Hadeka, 29, and Sean Tice, 28, her boyfriend and business partner, were weeks from moving their business into a renovated storefront in the Red Hook section of Brooklyn, three blocks from New York Harbor. New plumbing and electrical work had been installed, costing them more than $10,000.
They planned to have offices and a small store there, too. It would be a big step for the 2 1/2-year-old company, which started in the couple's South Slope apartment and grew to $1.5 million in sales last year, including to big clients like Whole Foods.
All of that -- and $5,000 in merchandise for a holiday market -- was ruined by six feet of water. The company did not have flood insurance. Tice called the agent later to say, "Add it."
The storm "wreaked havoc on the business," Hadeka said. "We invested a lot of money."
They were just weeks from the start of the holiday season, when they expected to collect 75 percent of their revenue for the year. Tice said the company has business-interruption insurance, "but we haven't stopped operating, so that hasn't been an issue."
With their 10 employees scattered -- six in the city, the rest in upstate New York, where Hadeka's family owns the quarry that produces the slate -- the co-owners shouldered most of the work in the days after the storm.
When faced with another hurricane warning, Tice said, "we'll probably take everything valuable out of there and put it on a higher floor or a storage facility."
In Sheepshead Bay, in southern Brooklyn, many mom-and-pop businesses were destroyed. Water gutted Istanbul Restaurant, a 17-year-old enterprise owned by Riza Atas.

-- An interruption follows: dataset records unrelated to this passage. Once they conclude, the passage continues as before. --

(* Let $X,Y$ be Banach spaces, $T:X\to Y$ a bounded linear operator, $1\le p\le 2$ and $c>0$. Then $T$ is uniformly $p$-smooth with constant $c$ if and only if $T$ has strong martingale type $p$ with constant $c$.
   Context: Dyadic setting: for $k=0,1,2,\dots$, $\mathcal F_k$ is the $\sigma$-algebra on $[0,1)$ generated by the dyadic intervals $[i/2^k,(i+1)/2^k)$, $i=0,\dots,2^k-1$ (so $\mathcal F_0$ is trivial), with Lebesgue measure. A sequence $d_1,\dots,d_n$ of $X$-valued functions on $[0,1)$ is a sequence of differences of a dyadic martingale if each $d_k$ is $\mathcal F_k$-measurable and $\mathbb E(d_k\mid\mathcal F_{k-1})=0$. For $f:[0,1)\to X$, $\|f|L_p\|=(\int_0^1\|f(t)\|^p\,dt)^{1/p}$. $T$ is uniformly $p$-smooth with constant $c$ if for all $x\in X$, $y\in Y$: $\left(\frac{\|y+Tx\|^p+\|y-Tx\|^p}{2}-\|y\|^p\right)^{1/p}\le c\|x\|$. $T$ has strong martingale type $p$ with constant $c$ if for all $n\in\mathbb N$, all $y\in Y$ and all sequences $d_1,\dots,d_n$ of $X$-valued differences of dyadic martingales: $\left\|y+\sum_{k=1}^nTd_k\Big|L_p\right\|\le\left(\|y\|^p+c^p\sum_{k=1}^n\|d_k|L_p\|^p\right)^{1/p}$. *)

From HB Require Import structures.
From mathcomp Require Import all_boot all_order all_algebra.
From mathcomp Require Import all_classical all_reals all_analysis.
Import Order.TTheory GRing.Theory Num.Theory.
Import numFieldNormedType.Exports.
Set Implicit Arguments. Unset Strict Implicit. Unset Printing Implicit Defensive.
Local Open Scope classical_set_scope.
Local Open Scope ring_scope.

Section dyadic.
Context {R : realType}.

Definition dyadic_atom (k i : nat) : set R :=
  `[ (i%:R / 2 ^+ k), (i.+1%:R / 2 ^+ k) [.

(* f : [0,1) -> X (represented as R -> X; values outside [0,1) are irrelevant)
   is F_k-measurable: F_k is generated by the finite partition of [0,1) into
   the atoms dyadic_atom k i, so measurability means constancy on each atom. *)
Definition dyadic_measurable {X : Type} (k : nat) (f : R -> X) : Prop :=
  forall i : nat, (i < 2 ^ k)%N ->
  forall s t, dyadic_atom k i s -> dyadic_atom k i t -> f s = f t.

(* E(d | F_{k-1}) for an F_k-measurable d (k >= 1): on the atom
   dyadic_atom (k-1) i it equals the average of d over that atom, i.e. the
   mean of the values of d on its two halves dyadic_atom k (2i), dyadic_atom k (2i+1). *)
Definition dyadic_cond_exp_value {X : normedModType R} (k : nat) (d : R -> X)
  (i : nat) : X :=
  2^-1 *: (d ((i.*2)%:R / 2 ^+ k) + d ((i.*2).+1%:R / 2 ^+ k)).

Definition dyadic_mart_diff {X : normedModType R} (k : nat) (d : R -> X) : Prop :=
  dyadic_measurable k d /\
  forall i : nat, (i < 2 ^ k.-1)%N -> dyadic_cond_exp_value k d i = 0.

Definition Lp_norm {X : normedModType R} (p : R) (f : R -> X) : R :=
  (fine (\int[lebesgue_measure]_(t in `[0%R, 1%R[) ((`|f t| `^ p)%:E))) `^ p^-1.

Definition bounded_op {X Y : normedModType R} (T : X -> Y) : Prop :=
  exists M : R, forall x, `|T x| <= M * `|x|.

Definition uniformly_p_smooth {X Y : normedModType R} (T : X -> Y) (p c : R) : Prop :=
  forall (x : X) (y : Y),
    ((`|y + T x| `^ p + `|y - T x| `^ p) / 2 - `|y| `^ p) `^ p^-1 <= c * `|x|.

Definition strong_martingale_type {X Y : normedModType R} (T : X -> Y) (p c : R) : Prop :=
  forall (n : nat) (y : Y) (d : nat -> R -> X),
    (forall k, (1 <= k <= n)%N -> dyadic_mart_diff k (d k)) ->
    Lp_norm p (fun t => y + \sum_(1 <= k < n.+1) T (d k t))
      <= (`|y| `^ p + c `^ p * \sum_(1 <= k < n.+1) (Lp_norm p (d k)) `^ p) `^ p^-1.

End dyadic.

The day after the storm, Istanbul's interior looked like a scene from "Titanic." Tables, chairs and settees were toppled. Plaster board and wallpaper hung from walls. Gawkers who entered stood not on a floor once made of marble and granite tiles but on shards of wood and dishes. Atas lost a great deal of meat and fish. Worse, the storm destroyed the photographs, tiles and carpets from his native Turkey that he had lovingly displayed. "We did not lose a restaurant," Atas said. "We lose Turkish culture here."
Atas said he had not yet decided whether he would reopen. He estimated he would need $200,000 and three months to do so. "If the government or city helps, we can rebuild," he said.